The title itself is an excellent prank. “New Age Music” traditionally evokes healing flutes, wellness spas, and the sort of ambient drift played in yoga studios where everyone pretends not to resent the price of oat milk. Hora Lunga’s version feels more like new age music after the age itself has collapsed under administrative paperwork and emotional buffering wheels. The spirituality here is anxious, fragmented, urban. Not transcendence through purity, but transcendence through overload. A search for fragile coherence inside informational debris.

Based in Switzerland, Hora Lunga operates in a slippery zone between experimental songwriting, collage composition, improvisation, and sound art. Previous collaborations, including the widely praised work with Argentine cellist Violeta García, already suggested an artist more interested in permeability than genre identity. On "New Age Music Vol. 2-3", that permeability becomes the central architecture. Guests drift through the record like passing thoughts rather than featured performers.

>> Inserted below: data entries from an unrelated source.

(* Let $A_1,B_1,B_2,C_1,C_2\in\mathbb{C}^{r\times r}$ with $C_1+mI,C_2+mI$ invertible for all $m\ge0$, $A_1B_1=B_1A_1$, $B_2C_i=C_iB_2$ ($i=1,2$) and $C_1C_2=C_2C_1$. Let $n\ge1$ and suppose $A_1+mI$ is invertible for all $m\ge0$. Then $$F_{14}[A_1+nI]=F_{14}+x_1B_1\Big[\sum_{n_1=1}^nF_{14}[A_1+n_1I,B_1+I,C_1+I]\Big]C_1^{-1}+x_2\Big[\sum_{n_1=1}^nF_{14}[A_1+n_1I,B_2+I,C_2+I]\Big]B_2C_2^{-1}+x_3B_1\Big[\sum_{n_1=1}^nF_{14}[A_1+n_1I,B_1+I,C_2+I]\Big]C_2^{-1}.$$ Furthermore, if $A_1-n_1I$ is invertible for $0\le n_1\le n$, then $$F_{14}[A_1-nI]=F_{14}-x_1B_1\Big[\sum_{n_1=0}^{n-1}F_{14}[A_1-n_1I,B_1+I,C_1+I]\Big]C_1^{-1}-x_2\Big[\sum_{n_1=0}^{n-1}F_{14}[A_1-n_1I,B_2+I,C_2+I]\Big]B_2C_2^{-1}-x_3B_1\Big[\sum_{n_1=0}^{n-1}F_{14}[A_1-n_1I,B_1+I,C_2+I]\Big]C_2^{-1}.$$
   Context: For $M\in\mathbb{C}^{r\times r}$: $(M)_0=I$, $(M)_m=M(M+I)\cdots(M+(m-1)I)$, $(M)^{-1}_m=((M)_m)^{-1}$. The three-variable Lauricella matrix function $$F_{14}=F_{14}[A_1,B_1,B_2;C_1,C_2;x_1,x_2,x_3]=\sum_{m_1,m_2,m_3\ge0}(A_1)_{m_1+m_2+m_3}(B_1)_{m_1+m_3}(B_2)_{m_2}(C_1)^{-1}_{m_1}(C_2)^{-1}_{m_2+m_3}\frac{x_1^{m_1}x_2^{m_2}x_3^{m_3}}{m_1!m_2!m_3!},$$ with scalar variables $x_i$ and matrix products in the written order; identities are of formal power series in the $x_i$. $F_{14}[\dots]$ lists only the shifted parameters, all others unchanged. *)

From mathcomp Require Import all_boot all_algebra.
From mathcomp Require Import reals complex.
Set Implicit Arguments. Unset Strict Implicit. Unset Printing Implicit Defensive.
Import GRing.Theory.
Local Open Scope ring_scope.

Section F14.
Variables (R : realType) (r : nat).
Notation C := (R[i]).
Notation M := 'M[C]_r.

Fixpoint mpoch (A : M) (m : nat) : M :=
  if m is k.+1 then mpoch A k *m (A + (k%:R : C)%:M) else 1%:M.

(* A formal power series in x1,x2,x3 with matrix coefficients is represented
   by its coefficient function: fps m1 m2 m3 = coefficient of x1^m1 x2^m2 x3^m3. *)
Definition fps := nat -> nat -> nat -> M.

Definition F14 (A1 B1 B2 C1 C2 : M) : fps := fun m1 m2 m3 =>
  ((m1`! * m2`! * m3`!)%:R : C)^-1 *:
  (mpoch A1 (m1 + m2 + m3) *m mpoch B1 (m1 + m3) *m mpoch B2 m2
   *m invmx (mpoch C1 m1) *m invmx (mpoch C2 (m2 + m3))).

Definition mulx1 (F : fps) : fps := fun m1 m2 m3 =>
  if m1 is k.+1 then F k m2 m3 else 0.
Definition mulx2 (F : fps) : fps := fun m1 m2 m3 =>
  if m2 is k.+1 then F m1 k m3 else 0.
Definition mulx3 (F : fps) : fps := fun m1 m2 m3 =>
  if m3 is k.+1 then F m1 m2 k else 0.

End F14.

(* Since (A+I)_N - (A)_N equals
   N (A+I)_(N-1), the coefficient of x1^m1 x2^m2 x3^m3 in F14[A+I] - F14 is
   (m1+m2+m3)/(m1! m2! m3!) times one fixed matrix (F14_core).  Splitting the
   factor m1+m2+m3 into its three summands, each piece is recognised as the
   corresponding coefficient of x1 B1 F14[A+I,B1+I,C1+I] C1^-1,
   x2 F14[A+I,B2+I,C2+I] B2 C2^-1 and x3 B1 F14[A+I,B1+I,C2+I] C2^-1; this uses
   (A)_(k+1) = A (A+I)_k, the commutation hypotheses and the invertibility of
   C_i + mI.  The general shifts
   A1 + nI and A1 - nI follow by telescoping (F14_shift_up, F14_shift_down),
   and the theorem is obtained by moving the finite sums through the
   multiplications by x1, x2, x3. *)

From mathcomp Require Import all_boot all_algebra.
From mathcomp Require Import reals complex.
Set Implicit Arguments. Unset Strict Implicit. Unset Printing Implicit Defensive.
Import GRing.Theory Num.Theory.
Local Open Scope ring_scope.

Section MatrixFacts.
Variables (K : comUnitRingType) (r : nat).
Implicit Types (A B U X : 'M[K]_r).

Lemma comm_mx_addScalar X A c : comm_mx X A -> comm_mx X (A + c%:M).
Proof. by move=> cXA; apply: comm_mxD => //; exact: comm_mx_scalar. Qed.

Lemma invmxM A B : A \in unitmx -> B \in unitmx ->
  invmx (A *m B) = invmx B *m invmx A.
Proof.
move=> uA uB; have uAB : A *m B \in unitmx by rewrite unitmx_mul uA uB.
apply: (can_inj (mulKmx uAB)); rewrite mulmxV //.
by rewrite -mulmxA (mulmxA B) mulmxV // mul1mx mulmxV.
Qed.

Lemma comm_mx_inv X U : U \in unitmx -> comm_mx X U -> comm_mx X (invmx U).
Proof.
move=> uU cXU; apply: (can_inj (mulKmx uU)).
by rewrite mulKVmx // mulmxA -cXU -mulmxA mulmxV // mulmx1.
Qed.
End MatrixFacts.

(* 1/p = (k+1) / ((k+1) p): trades a factorial m! for (m-1)! and a factor m. *)
Lemma inv_natr_mulS (F : numFieldType) (k p : nat) :
  (p%:R : F)^-1 = (((k.+1 * p)%N)%:R)^-1 * (k.+1)%:R.
Proof. by rewrite natrM invfM mulrC mulrA mulfV ?mul1r // pnatr_eq0. Qed.

Section Pochhammer.
Variables (R : realType) (r : nat).
Notation C := (R[i]).
Notation M := 'M[C]_r.
Implicit Types (A X : M).

(* (A)_k is a polynomial in A, hence commutes with whatever commutes with A. *)
Lemma comm_mx_mpoch X A k : comm_mx X A -> comm_mx X (mpoch A k).
Proof.
move=> cXA; elim: k => [|k IH] /=; first exact: comm_mx1.
by apply: comm_mxM; last exact: comm_mx_addScalar.
Qed.

Lemma scalar_natS (k : nat) : ((k.+1%:R : C)%:M : M) = 1%:M + (k%:R : C)%:M.
Proof. by rewrite -natr1 raddfD addrC. Qed.

Lemma mpochSl A k : mpoch A k.+1 = A *m mpoch (A + 1%:M) k.
Proof.
elim: k => [|k IH]; first by rewrite /= mul1mx mulmx1 raddf0 addr0.
by rewrite -[mpoch A k.+2]/(mpoch A k.+1 *m _) IH /= -mulmxA -addrA -scalar_natS.
Qed.

Lemma mpoch_shift_diff A N :
  mpoch (A + 1%:M) N - mpoch A N = (N%:R : C) *: mpoch (A + 1%:M) N.-1.
Proof.
case: N => [|k]; first by rewrite subrr scale0r.
have cA : comm_mx A (mpoch (A + 1%:M) k).
  exact/comm_mx_mpoch/comm_mx_addScalar/comm_mx_refl.
rewrite [mpoch A _]mpochSl cA /= -mulmxBr -[A + 1%:M + _]addrA [_ - A]addrC addKr.
by rewrite -scalar_natS scalar_mxC mul_scalar_mx.
Qed.

Definition shift_unit (Cm : M) := forall m : nat, Cm + (m%:R : C)%:M \in unitmx.

Lemma shift_unit_unit Cm : shift_unit Cm -> Cm \in unitmx.
Proof. by move=> /(_ 0%N); rewrite raddf0 addr0. Qed.

Lemma shift_unitS Cm : shift_unit Cm -> shift_unit (Cm + 1%:M).
Proof. by move=> uC m; rewrite -addrA -scalar_natS. Qed.

Lemma mpoch_unit Cm k : shift_unit Cm -> mpoch Cm k \in unitmx.
Proof. by move=> uC; elim: k => [|k IH] /=; rewrite ?unitmx1 // unitmx_mul IH uC. Qed.

Lemma invmx_mpochSl Cm k : shift_unit Cm ->
  invmx (mpoch Cm k.+1) = invmx (mpoch (Cm + 1%:M) k) *m invmx Cm.
Proof.
move=> uC; rewrite mpochSl invmxM ?(shift_unit_unit uC) //.
exact: mpoch_unit (shift_unitS uC).
Qed.
End Pochhammer.

Section Contiguous.
Variables (R : realType) (r : nat).
Notation C := (R[i]).
Notation M := 'M[C]_r.
Variables (B1 B2 C1 C2 : M).
Hypotheses (hC1 : shift_unit C1) (hC2 : shift_unit C2)
  (hBC1 : comm_mx B2 C1) (hBC2 : comm_mx B2 C2) (hCC : comm_mx C1 C2).

Definition F14_step (A : M) : fps R r := fun m1 m2 m3 =>
  mulx1 (fun a b c => B1 *m F14 A (B1 + 1%:M) B2 (C1 + 1%:M) C2 a b c *m invmx C1) m1 m2 m3
  + mulx2 (fun a b c => F14 A B1 (B2 + 1%:M) C1 (C2 + 1%:M) a b c *m B2 *m invmx C2) m1 m2 m3
  + mulx3 (fun a b c => B1 *m F14 A (B1 + 1%:M) B2 C1 (C2 + 1%:M) a b c *m invmx C2) m1 m2 m3.

(* Every term of the contiguous relation at (m1,m2,m3) is a scalar multiple of
   the same matrix: the weight 1/(m1! m2! m3!) times F14_core. *)
Definition F14_weight (m1 m2 m3 : nat) : C := ((m1`! * m2`! * m3`!)%N%:R)^-1.

Definition F14_core (A : M) (m1 m2 m3 : nat) : M :=
  mpoch (A + 1%:M) (m1 + m2 + m3).-1 *m mpoch B1 (m1 + m3) *m mpoch B2 m2
  *m invmx (mpoch C1 m1) *m invmx (mpoch C2 (m2 + m3)).

Lemma F14_shift_diff (A : M) m1 m2 m3 :
  F14 (A + 1%:M) B1 B2 C1 C2 m1 m2 m3 - F14 A B1 B2 C1 C2 m1 m2 m3
  = (F14_weight m1 m2 m3 * (m1 + m2 + m3)%N%:R) *: F14_core A m1 m2 m3.
Proof.
by rewrite /F14 -scalerBr -!mulmxBl mpoch_shift_diff -!scalemxAl scalerA.
Qed.

Lemma step_x1 (A : M) : comm_mx B1 (A + 1%:M) -> forall m1 m2 m3,
  mulx1 (fun a b c => B1 *m F14 (A + 1%:M) (B1 + 1%:M) B2 (C1 + 1%:M) C2 a b c
                     *m invmx C1) m1 m2 m3
  = (F14_weight m1 m2 m3 * m1%:R) *: F14_core A m1 m2 m3.
Proof.
move=> cBA [|k] m2 m3 /=; first by rewrite mulr0 scale0r.
rewrite /F14 -scalemxAr -scalemxAl /F14_weight /F14_core; congr (_ *: _).
  by rewrite (inv_natr_mulS _ k) factS !mulnA.
rewrite !addSn succnK mpochSl invmx_mpochSl //.
have cBP := comm_mx_mpoch (k + m2 + m3) cBA.
have cC1C2 : comm_mx (invmx C1) (invmx (mpoch C2 (m2 + m3))).
  apply/comm_mx_inv; first exact: mpoch_unit.
  apply/comm_mx_sym/comm_mx_inv; first exact: shift_unit_unit.
  exact/comm_mx_sym/comm_mx_mpoch.
by rewrite !mulmxA cBP -!mulmxA cC1C2.
Qed.

Lemma step_x2 (A : M) m1 m2 m3 :
  mulx2 (fun a b c => F14 (A + 1%:M) B1 (B2 + 1%:M) C1 (C2 + 1%:M) a b c
                     *m B2 *m invmx C2) m1 m2 m3
  = (F14_weight m1 m2 m3 * m2%:R) *: F14_core A m1 m2 m3.
Proof.
case: m2 => [|k] /=; first by rewrite mulr0 scale0r.
rewrite /F14 -!scalemxAl /F14_weight /F14_core; congr (_ *: _).
  by rewrite (inv_natr_mulS _ k) factS mulnA mulnCA.
rewrite addnS addSn succnK [mpoch B2 _]mpochSl addSn invmx_mpochSl //.
have cBB : comm_mx B2 (mpoch (B2 + 1%:M) k).
  exact/comm_mx_mpoch/comm_mx_addScalar/comm_mx_refl.
have cBC1 : comm_mx B2 (invmx (mpoch C1 m1)).
  by apply/comm_mx_inv; [exact: mpoch_unit | exact: comm_mx_mpoch].
have cBC2 : comm_mx B2 (invmx (mpoch (C2 + 1%:M) (k + m3))).
  apply/comm_mx_inv; first exact/mpoch_unit/shift_unitS.
  exact/comm_mx_mpoch/comm_mx_addScalar.
by rewrite cBB -!mulmxA (mulmxA B2) cBC1 -!mulmxA (mulmxA B2) cBC2 -!mulmxA.
Qed.

Lemma step_x3 (A : M) : comm_mx B1 (A + 1%:M) -> forall m1 m2 m3,
  mulx3 (fun a b c => B1 *m F14 (A + 1%:M) (B1 + 1%:M) B2 C1 (C2 + 1%:M) a b c
                     *m invmx C2) m1 m2 m3
  = (F14_weight m1 m2 m3 * m3%:R) *: F14_core A m1 m2 m3.
Proof.
move=> cBA m1 m2 [|k] /=; first by rewrite mulr0 scale0r.
rewrite /F14 -scalemxAr -scalemxAl /F14_weight /F14_core; congr (_ *: _).
  by rewrite (inv_natr_mulS _ k) factS mulnCA.
rewrite !addnS succnK mpochSl invmx_mpochSl //.
by rewrite !mulmxA (comm_mx_mpoch (m1 + m2 + k) cBA).
Qed.

(* The basic contiguous relation in A1 (case n = 1): since the weight factor
   m1 + m2 + m3 splits into its three summands, the difference F14[A+I] - F14
   is exactly the correction series F14_step (A+I). *)
Lemma F14_contiguous (A : M) : comm_mx B1 A -> forall m1 m2 m3,
  F14_step (A + 1%:M) m1 m2 m3
  = F14 (A + 1%:M) B1 B2 C1 C2 m1 m2 m3 - F14 A B1 B2 C1 C2 m1 m2 m3.
Proof.
move=> cBA m1 m2 m3; have cBA1 := comm_mx_addScalar 1 cBA.
rewrite F14_shift_diff /F14_step step_x1 // step_x2 step_x3 //.
by rewrite -!scalerDl -!mulrDr -!natrD.
Qed.

Lemma F14_shift_up (A : M) : comm_mx B1 A -> forall n m1 m2 m3,
  F14 (A + (n%:R : C)%:M) B1 B2 C1 C2 m1 m2 m3
  = F14 A B1 B2 C1 C2 m1 m2 m3
    + \sum_(1 <= i < n.+1) F14_step (A + (i%:R : C)%:M) m1 m2 m3.
Proof.
move=> cBA n m1 m2 m3.
pose f k := F14 (A + (k%:R : C)%:M) B1 B2 C1 C2 m1 m2 m3.
have telescope : \sum_(1 <= i < n.+1) F14_step (A + (i%:R : C)%:M) m1 m2 m3
                 = f n - f 0%N.
  rewrite big_add1 /=; apply: telescope_sumr_eq => // k _; rewrite /f /=.
  have -> : A + (k.+1%:R : C)%:M = A + (k%:R : C)%:M + 1%:M.
    by rewrite -addrA [_ + 1%:M]addrC scalar_natS.
  exact/F14_contiguous/comm_mx_addScalar.
by rewrite telescope /f raddf0 addr0 subrKC.
Qed.

Lemma F14_shift_down (A : M) : comm_mx B1 A -> forall n m1 m2 m3,
  F14 (A - (n%:R : C)%:M) B1 B2 C1 C2 m1 m2 m3
  = F14 A B1 B2 C1 C2 m1 m2 m3
    - \sum_(0 <= i < n) F14_step (A - (i%:R : C)%:M) m1 m2 m3.
Proof.
move=> cBA n m1 m2 m3.
pose f k := F14 (A - (k%:R : C)%:M) B1 B2 C1 C2 m1 m2 m3.
have telescope : \sum_(0 <= i < n) F14_step (A - (i%:R : C)%:M) m1 m2 m3
                 = f 0%N - f n.
  apply: oppr_inj; rewrite opprB -sumrN.
  apply: telescope_sumr_eq => // k _; rewrite /f /= -opprB; congr (- _).
  have -> : A - (k%:R : C)%:M = A - (k.+1%:R : C)%:M + 1%:M.
    by rewrite -natr1 raddfD opprD addrA subrK.
  apply: F14_contiguous.
  by rewrite -raddfN; exact: comm_mx_addScalar.
by rewrite telescope /f raddf0 subr0 opprB subrKC.
Qed.
End Contiguous.

Section MulxSums.
Variables (R : realType) (r : nat).
Notation M := 'M[R[i]]_r.

Lemma mulx1_sum (X Y : M) (s : seq nat) (f : nat -> fps R r) m1 m2 m3 :
  mulx1 (fun a b c => X *m (\sum_(i <- s) f i a b c) *m Y) m1 m2 m3
  = \sum_(i <- s) mulx1 (fun a b c => X *m f i a b c *m Y) m1 m2 m3.
Proof.
by case: m1 => [|k] /=; [rewrite big1 | rewrite mulmx_sumr mulmx_suml].
Qed.

Lemma mulx2_sum (X Y : M) (s : seq nat) (f : nat -> fps R r) m1 m2 m3 :
  mulx2 (fun a b c => (\sum_(i <- s) f i a b c) *m X *m Y) m1 m2 m3
  = \sum_(i <- s) mulx2 (fun a b c => f i a b c *m X *m Y) m1 m2 m3.
Proof. by case: m2 => [|k] /=; [rewrite big1 | rewrite !mulmx_suml]. Qed.

Lemma mulx3_sum (X Y : M) (s : seq nat) (f : nat -> fps R r) m1 m2 m3 :
  mulx3 (fun a b c => X *m (\sum_(i <- s) f i a b c) *m Y) m1 m2 m3
  = \sum_(i <- s) mulx3 (fun a b c => X *m f i a b c *m Y) m1 m2 m3.
Proof.
by case: m3 => [|k] /=; [rewrite big1 | rewrite mulmx_sumr mulmx_suml].
Qed.
End MulxSums.

Theorem mainTheorem19 (R : realType) (r : nat) (A1 B1 B2 C1 C2 : 'M[R[i]]_r)
  (hC1 : forall m : nat, C1 + (m%:R : R[i])%:M \in unitmx)
  (hC2 : forall m : nat, C2 + (m%:R : R[i])%:M \in unitmx)
  (hAB : A1 *m B1 = B1 *m A1)
  (hBC1 : B2 *m C1 = C1 *m B2)
  (hBC2 : B2 *m C2 = C2 *m B2)
  (hCC : C1 *m C2 = C2 *m C1)
  (n : nat) (hn : (1 <= n)%N)
  (hA : forall m : nat, A1 + (m%:R : R[i])%:M \in unitmx) :
  (forall m1 m2 m3 : nat,
     F14 (A1 + (n%:R : R[i])%:M) B1 B2 C1 C2 m1 m2 m3 =
     F14 A1 B1 B2 C1 C2 m1 m2 m3
     + mulx1 (fun a b c => B1 *m
         (\sum_(1 <= n1 < n.+1)
            F14 (A1 + (n1%:R : R[i])%:M) (B1 + 1%:M) B2 (C1 + 1%:M) C2 a b c)
         *m invmx C1) m1 m2 m3
     + mulx2 (fun a b c =>
         (\sum_(1 <= n1 < n.+1)
            F14 (A1 + (n1%:R : R[i])%:M) B1 (B2 + 1%:M) C1 (C2 + 1%:M) a b c)
         *m B2 *m invmx C2) m1 m2 m3
     + mulx3 (fun a b c => B1 *m
         (\sum_(1 <= n1 < n.+1)
            F14 (A1 + (n1%:R : R[i])%:M) (B1 + 1%:M) B2 C1 (C2 + 1%:M) a b c)
         *m invmx C2) m1 m2 m3)
  /\
  ((forall n1 : nat, (n1 <= n)%N -> A1 - (n1%:R : R[i])%:M \in unitmx) ->
   forall m1 m2 m3 : nat,
     F14 (A1 - (n%:R : R[i])%:M) B1 B2 C1 C2 m1 m2 m3 =
     F14 A1 B1 B2 C1 C2 m1 m2 m3
     - mulx1 (fun a b c => B1 *m
         (\sum_(0 <= n1 < n)
            F14 (A1 - (n1%:R : R[i])%:M) (B1 + 1%:M) B2 (C1 + 1%:M) C2 a b c)
         *m invmx C1) m1 m2 m3
     - mulx2 (fun a b c =>
         (\sum_(0 <= n1 < n)
            F14 (A1 - (n1%:R : R[i])%:M) B1 (B2 + 1%:M) C1 (C2 + 1%:M) a b c)
         *m B2 *m invmx C2) m1 m2 m3
     - mulx3 (fun a b c => B1 *m
         (\sum_(0 <= n1 < n)
            F14 (A1 - (n1%:R : R[i])%:M) (B1 + 1%:M) B2 C1 (C2 + 1%:M) a b c)
         *m invmx C2) m1 m2 m3).
Proof.
have cBA : comm_mx B1 A1 by rewrite /comm_mx hAB.
split=> [m1 m2 m3 | _ m1 m2 m3]; rewrite mulx1_sum mulx2_sum mulx3_sum.
- rewrite (F14_shift_up hC1 hC2 hBC1 hBC2 hCC cBA) !big_split /=.
  by rewrite !addrA.
- rewrite (F14_shift_down hC1 hC2 hBC1 hBC2 hCC cBA) !big_split /=.
  by rewrite !opprD !addrA.
Qed.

Voices arrive partially formed, instrumental ideas dissolve before they can stabilize, and tracks frequently behave like interrupted diary entries recovered from damaged hard drives.

Yet the album never feels random. That is the deceptive trick at work here. Underneath the fragmentation lies an almost obsessive sensitivity to pacing, texture, and interruption. The sequencing creates a peculiar rhythm of emotional approach and withdrawal. One track opens a small emotional window, the next immediately smears fingerprints across the glass. “Hearing Through the Wall” floats with ghostly vulnerability, while “CTRL Z” folds longing into digital exhaustion, sounding like somebody attempting to emotionally reverse an entire decade with a keyboard shortcut. Humanity keeps trying to undo itself through interfaces. The computer, naturally, remains unimpressed.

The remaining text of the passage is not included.